Simple algorithms often outperform complicated ones on real machines, since the sizes involved are rarely big enough to overcome constant factors. BinaryHeap is a simple wrapper on a Vec, so there's no fancy pointer chasing or node allocating going on, which helps a bunch.
As for the amortized O(1), it's clearly O(1) to insert an element that's smaller than the element above it in the heap, since there's no sift-up needed. And half the elements are in the leaves of a binary tree, so for sufficient randomness half the elements will hit that "no sift-up" condition.
Then I forget the exact details, but it probably boils down to the "pie series" . Half the elements need the one operation, Half of that need one more, etc, making a geometric series of finite sum, meaning O(1).

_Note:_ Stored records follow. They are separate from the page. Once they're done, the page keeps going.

Lemma bound_lims_fixed_point :
  lower_lim = Phi lambda theta lower_lim upper_lim /\
  upper_lim = Phi lambda theta upper_lim lower_lim.
Proof.
  destruct bound_lims_nonneg.
  split; eapply fixed_point_of_is_lim_seq;
    eauto using is_lim_seq_lower, is_lim_seq_upper, lower_succ, upper_succ.
Qed.

Lemma lower_lim_gt0 : 0 < lower_lim.
Proof.
  destruct bound_lims_nonneg.
  rewrite (proj1 bound_lims_fixed_point). apply Phi_gt0; lra.
Qed.

Section Tree_solution.

Variables z1 z2 : vertex -> R.
Hypothesis z1_nonneg : forall i, 0 <= z1 i.
Hypothesis z2_nonneg : forall i, 0 <= z2 i.
Hypothesis z1_eq :
  forall i, z1 i = lambda * prod_succ (fun j => F (z1 j) (z2 j) theta) i.
Hypothesis z2_eq :
  forall i, z2 i = lambda * prod_succ (fun j => F (z2 j) (z1 j) theta) i.

Lemma tree_solution_step lo hi :
  0 <= lo -> (forall j, lo <= z1 j <= hi /\ lo <= z2 j <= hi) ->
  forall i, Phi lambda theta lo hi <= z1 i <= Phi lambda theta hi lo /\
            Phi lambda theta lo hi <= z2 i <= Phi lambda theta hi lo.
Proof.
  intros Hlo Hz i.
  assert (Hhi : lo <= hi) by (destruct (Hz nil) as [[] _]; lra).
  assert (HF : forall x y, lo <= x <= hi -> lo <= y <= hi ->
            F lo hi theta <= F x y theta <= F hi lo theta)
    by (intros; split; apply F_le_compat; lra).
  assert (Hlo' : 0 <= F lo hi theta) by (apply Rlt_le, F_gt0; lra).
  destruct (prod_succ_bounds (fun j => F (z1 j) (z2 j) theta)
              (F lo hi theta) (F hi lo theta) i Hlo') as [A1 A2].
  { intro j. destruct (Hz j). now apply HF. }
  destruct (prod_succ_bounds (fun j => F (z2 j) (z1 j) theta)
              (F lo hi theta) (F hi lo theta) i Hlo') as [B1 B2].
  { intro j. destruct (Hz j). now apply HF. }
  unfold Phi. rewrite z1_eq, z2_eq.
  repeat split; apply Rmult_le_compat_l; lra.
Qed.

As an aside, don't forget that heapify is O(n), so you can get this more reliably if you can do it all at once.
Insertion is implemented by adding to the end of the tree and propagating up the tree. However, the tree is naturally bottom-heavy since half of all elements in a complete binary tree are leaves. On average, they don't move very far up the tree.
Contrast this with removal which must be O(log(n)) average -- otherwise, we would have O(n)-average comparison-based sorting using the heap. The O(log(n)) happens because the removal process removes from the root, moving the last element there and propagating it down the tree, typically traversing O(height) nodes since the tree is bottom-heavy.